Folder “s2” contains the Sentinel-2 imagery patches derived from summertime mosaics of the years 2015 to 2020. Patches are available in 60 x 60 m (6 x 6 pixels) and 200 x 200 m (20 x 20 pixels). Band order is B02, B03, B04, B08, B05, B06, B07, B8A, B11, B12, B01, and B09. Spatial resolution is 10 m.

The folder “labels” contains a JSON string which was used for multi-labeling of the training patches. Code example of an image sample with respective proportions of 94% for Abies and 6% for Larix is: "Abies_alba_3_834_WEFL_NLF.tif": [["Abies", 0.93771], ["Larix", 0.06229]]

The two files “test_filesnames.lst” and “train_filenames.lst” define the filenames used for train (90%) and test (10%) split. We refer to this fixed split for better reproducibility and comparability.

The folder “geojson” contains geoJSON files with all the samples chosen for the derivation of training patch generation (point, 60 m bounding box, 200 m bounding box).

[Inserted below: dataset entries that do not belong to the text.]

(* Let \(a,b,c\) be positive integers, \(m\) a positive integer that is not a perfect square, with \(\gcd(am,b^2-c^2m)=1\), and let \(A,B\in\mathbb Z\). Let \((\bar x,\bar y,\bar z,\bar w)\) be the unique element of \(\mathbb Z^4\) with \(0\leq\bar z<am\), \(0\leq\bar w<a\) satisfying \(a\sqrt m(\bar x+\bar y\sqrt m)+(b+c\sqrt m)(\bar z+\bar w\sqrt m)=A+B\sqrt m\). Then the equation \(a\sqrt m(x+y\sqrt m)+(b+c\sqrt m)(z+w\sqrt m)=A+B\sqrt m\) has a solution with \(x,y,z,w\in\mathbb N\) if and only if \(\bar x\geq 0\) and \(\bar y\geq 0\).
   Context: \(\mathbb N\) denotes the set of non-negative integers. (Existence and uniqueness of \((\bar x,\bar y,\bar z,\bar w)\) under the stated hypotheses may be assumed.) *)

From mathcomp Require Import all_boot all_order all_algebra.
From mathcomp Require Import reals.
Set Implicit Arguments. Unset Strict Implicit. Unset Printing Implicit Defensive.
Import Order.TTheory GRing.Theory Num.Theory.
Local Open Scope ring_scope.

Definition sol_eq (R : realType) (a b c m : nat) (A B x y z w : int) : Prop :=
  let s := Num.sqrt (m%:R : R) in
  a%:R * s * (x%:~R + y%:~R * s) + (b%:R + c%:R * s) * (z%:~R + w%:~R * s)
  = A%:~R + B%:~R * s.

Definition is_square (m : nat) : Prop := exists k : nat, m = (k * k)%N.

From mathcomp Require Import all_boot all_order all_algebra.
From mathcomp Require Import reals ring zify.
Import Order.TTheory GRing.Theory Num.Theory.

Set Implicit Arguments.
Unset Strict Implicit.

(* Since sqrt m is irrational, an equation in Z[sqrt m] splits into two
   linear equations over Z.  Two solutions of these then differ by an element
   of the kernel of the linear map, and coprimality of am and b^2 - c^2 m
   forces every kernel element to have z-component in amZ and w-component in
   aZ, with x- and y-components determined by them.  The bounds on zb, wb make
   the corresponding multipliers k, l nonnegative when (x, y, z, w) is
   nonnegative, so xb = x + cmk + bl and yb = y + bk + cl are nonnegative. *)

Lemma square_of_mul_sqr (m p q : nat) : 0 < q -> m * q ^ 2 = p ^ 2 -> is_square m.
Proof.
move=> q_gt0 E; have : q ^ 2 %| p ^ 2 by rewrite -E dvdn_mull.
rewrite dvdn_pexp2r // => /dvdnP[t Dp]; exists t.
apply/eqP; rewrite -(@eqn_pmul2r (q ^ 2)) ?expn_gt0 ?q_gt0 //.
by rewrite E Dp expnMn mulnn.
Qed.

Local Open Scope ring_scope.

Lemma sqrt_nonsquare_indep (R : rcfType) (m : nat) (p q : int) :
  ~ is_square m -> p%:~R + q%:~R * Num.sqrt (m%:R : R) = 0 -> p = 0 /\ q = 0.
Proof.
move=> nsq pq0; set s := Num.sqrt _ in pq0.
have s2 : s ^+ 2 = m%:R by rewrite sqr_sqrtr ?ler0n.
have Emq : m%:Z * q ^+ 2 = p ^+ 2.
  apply: (intr_inj (R := R)); rewrite rmorphM !rmorphXn /=.
  have -> : p%:~R = - (q%:~R * s) :> R by apply/eqP; rewrite -addr_eq0 pq0.
  by rewrite sqrrN exprMn s2 mulrC.
have q0 : q = 0.
  apply/eqP; apply: contraT => q_neq0; exfalso; apply: nsq.
  apply: (@square_of_mul_sqr _ `|p|%N `|q|%N); first by rewrite absz_gt0.
  by rewrite -!abszX -Emq abszM.
by move: pq0; rewrite q0 mul0r addr0 => /eqP; rewrite intr_eq0 => /eqP.
Qed.

Lemma sol_eqE (R : realType) (a b c m : nat) (A B x y z w : int) :
  ~ is_square m ->
  sol_eq R a b c m A B x y z w <->
  a%:Z * m%:Z * y + b%:Z * z + c%:Z * m%:Z * w = A /\
  a%:Z * x + c%:Z * z + b%:Z * w = B.
Proof.
move=> nsq; rewrite /sol_eq; set s := Num.sqrt _.
have s2 : s * s = m%:R by rewrite -expr2 sqr_sqrtr ?ler0n.
set P := _ + _ + _; set Q := _ + _ + _.
have split_parts :
    a%:R * s * (x%:~R + y%:~R * s) + (b%:R + c%:R * s) * (z%:~R + w%:~R * s)
    - (A%:~R + B%:~R * s) = (P - A)%:~R + (Q - B)%:~R * s :> R.
  rewrite !(rmorphD, rmorphB, rmorphM) /= -[(m%:Z)%:~R]/(m%:R : R) -s2; ring.
split=> [/eqP|[eA eB]].
  rewrite -subr_eq0 split_parts => /eqP /(sqrt_nonsquare_indep nsq) [/eqP + /eqP].
  by rewrite !subr_eq0 => /eqP-> /eqP->.
by apply/eqP; rewrite -subr_eq0 split_parts eA eB !subrr mul0r addr0.
Qed.

Arguments sol_eqE R {a b c m A B x y z w}.

Section Kernel.

Variables a b c m : int.
Hypothesis am_neq0 : a * m != 0.
Hypothesis am_coprime : coprimez (a * m) (b ^+ 2 - c ^+ 2 * m).

Lemma kernel_param dx dy dz dw :
    a * m * dy + b * dz + c * m * dw = 0 -> a * dx + c * dz + b * dw = 0 ->
  exists k l, [/\ dz = k * (a * m), dw = l * a,
                  dy = - (b * k + c * l) & dx = - (c * m * k + b * l)].
Proof.
move=> e1 e2.
have [k Dz] : exists k, dz = k * (a * m).
  apply/dvdzP; rewrite -(Gauss_dvdzl _ am_coprime).
  have -> : dz * (b ^+ 2 - c ^+ 2 * m) = (c * dx - b * dy) * (a * m)
      + b * (a * m * dy + b * dz + c * m * dw) - c * m * (a * dx + c * dz + b * dw).
    by ring.
  by rewrite e1 e2 !mulr0 subr0 addr0 dvdz_mull ?dvdzz.
have [l Dw] : exists l, dw = l * a.
  have a_coprime : coprimez a (b ^+ 2 - c ^+ 2 * m).
    by move: am_coprime; rewrite coprimezMl => /andP[].
  apply/dvdzP; rewrite -(Gauss_dvdzl _ a_coprime).
  have -> : dw * (b ^+ 2 - c ^+ 2 * m) = (c * m * dy - b * dx) * a
      - c * (a * m * dy + b * dz + c * m * dw) + b * (a * dx + c * dz + b * dw).
    by ring.
  by rewrite e1 e2 !mulr0 subr0 addr0 dvdz_mull ?dvdzz.
have a_neq0 : a != 0 by move: am_neq0; rewrite mulf_eq0 negb_or => /andP[].
exists k, l; split=> //; apply/eqP; rewrite -addr_eq0.
- have : a * m * (dy + (b * k + c * l)) = 0 by rewrite -e1 Dz Dw; ring.
  by move/eqP; rewrite mulf_eq0 (negbTE am_neq0).
- have : a * (dx + (c * m * k + b * l)) = 0 by rewrite -e2 Dz Dw; ring.
  by move/eqP; rewrite mulf_eq0 (negbTE a_neq0).
Qed.

End Kernel.

Lemma ge0_coef_of_lt (n r k : int) : 0 < n -> r < n -> 0 <= r + k * n -> 0 <= k.
Proof. by nia. Qed.

Theorem lemma12 (R : realType) (a b c m : nat) (A B : int)
    (xb yb zb wb : int) :
  (0 < a)%N -> (0 < b)%N -> (0 < c)%N -> (0 < m)%N ->
  ~ is_square m ->
  gcdz (a * m)%N%:Z (b%:Z ^+ 2 - c%:Z ^+ 2 * m%:Z) = 1 ->
  0 <= zb < (a * m)%N%:Z -> 0 <= wb < a%:Z ->
  sol_eq R a b c m A B xb yb zb wb ->
  ((exists x y z w : nat, sol_eq R a b c m A B x%:Z y%:Z z%:Z w%:Z)
   <-> (0 <= xb /\ 0 <= yb)).
Proof.
move=> a_gt0 _ _ m_gt0 nsq gcd1 /andP[zb_ge0 zb_lt] /andP[wb_ge0 wb_lt].
move=> /(sol_eqE R nsq) [eA eB]; split; last first.
  case=> xb_ge0 yb_ge0; exists `|xb|%N, `|yb|%N, `|zb|%N, `|wb|%N.
  by apply/(sol_eqE R nsq); rewrite !gez0_abs.
case=> x [y [z [w /(sol_eqE R nsq) [ea eb]]]].
have am_neq0 : a%:Z * m%:Z != 0 by rewrite -PoszM; lia.
have am_coprime : coprimez (a%:Z * m%:Z) (b%:Z ^+ 2 - c%:Z ^+ 2 * m%:Z).
  by rewrite /coprimez -PoszM gcd1.
have e1 : a%:Z * m%:Z * (y%:Z - yb) + b%:Z * (z%:Z - zb) + c%:Z * m%:Z * (w%:Z - wb) = 0.
  by rewrite -(subrr A) -{1}ea -eA; ring.
have e2 : a%:Z * (x%:Z - xb) + c%:Z * (z%:Z - zb) + b%:Z * (w%:Z - wb) = 0.
  by rewrite -(subrr B) -{1}eb -eB; ring.
have [k [l [Dz Dw Dy Dx]]] := kernel_param am_neq0 am_coprime e1 e2.
have k_ge0 : 0 <= k by apply: (ge0_coef_of_lt _ zb_lt); lia.
have l_ge0 : 0 <= l by apply: (ge0_coef_of_lt _ wb_lt); lia.
have -> : xb = x%:Z + (c%:Z * m%:Z * k + b%:Z * l) by lia.
have -> : yb = y%:Z + (b%:Z * k + c%:Z * l) by lia.
by split; rewrite !addr_ge0 ?mulr_ge0.
Qed.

CAUTION: As we could not upload the aerial patches as a single zip file on Zenodo, you need to download the 20 single species files (aerial_60m_…zip) separately. Then, unzip them into a folder named “aerial” with a subfolder named “60m”. This structure is recommended for better reproducibility and comparability to the experimental results of Ahlswede et al. (2022),

Join the archive

Model training, benchmarking, algorithm development… many applications are possible! Feel free to add samples from other regions in Europe or even worldwide. Additional remote sensing data from Lidar, UAVs or aerial imagery from different time steps are very welcome. This helps the research community in development of better deep learning and machine learning models for forest applications. You might have questions or want to share code/results/publications using that archive? Feel free to contact the authors.

Project description

This work was part of the project TreeSatAI (Artificial Intelligence with Satellite data and Multi-Source Geodata for Monitoring of Trees at Infrastructures, Nature Conservation Sites and Forests). Its overall aim is the development of AI methods for the monitoring of forests and woody features on a local, regional and global scale. Based on freely available geodata from different sources (e.g., remote sensing, administration maps, and social media), prototypes will be developed for the deep learning-based extraction and classification of tree- and tree stand features. These prototypes deal with real cases from the monitoring of managed forests, nature conservation and infrastructures. The development of the resulting services by three enterprises (liveEO, Vision Impulse and LUP Potsdam) will be supported by three research institutes (German Research Center for Artificial Intelligence, TUB Remote Sensing Image Analysis Group, TUB Geoinformation in Environmental Planning Lab).

Project publications

Ahlswede, S., Schulz, C., Gava, C., Helber, P., Bischke, B., Förster, M., Arias, F., Hees, J., Demir, B., and Kleinschmit, B.: TreeSatAI Benchmark Archive: a multi-sensor, multi-label dataset for tree species classification in remote sensing, Earth System Science Data, 15, 681–695, https://doi.org/10.5194/essd-15-681-2023, 2023.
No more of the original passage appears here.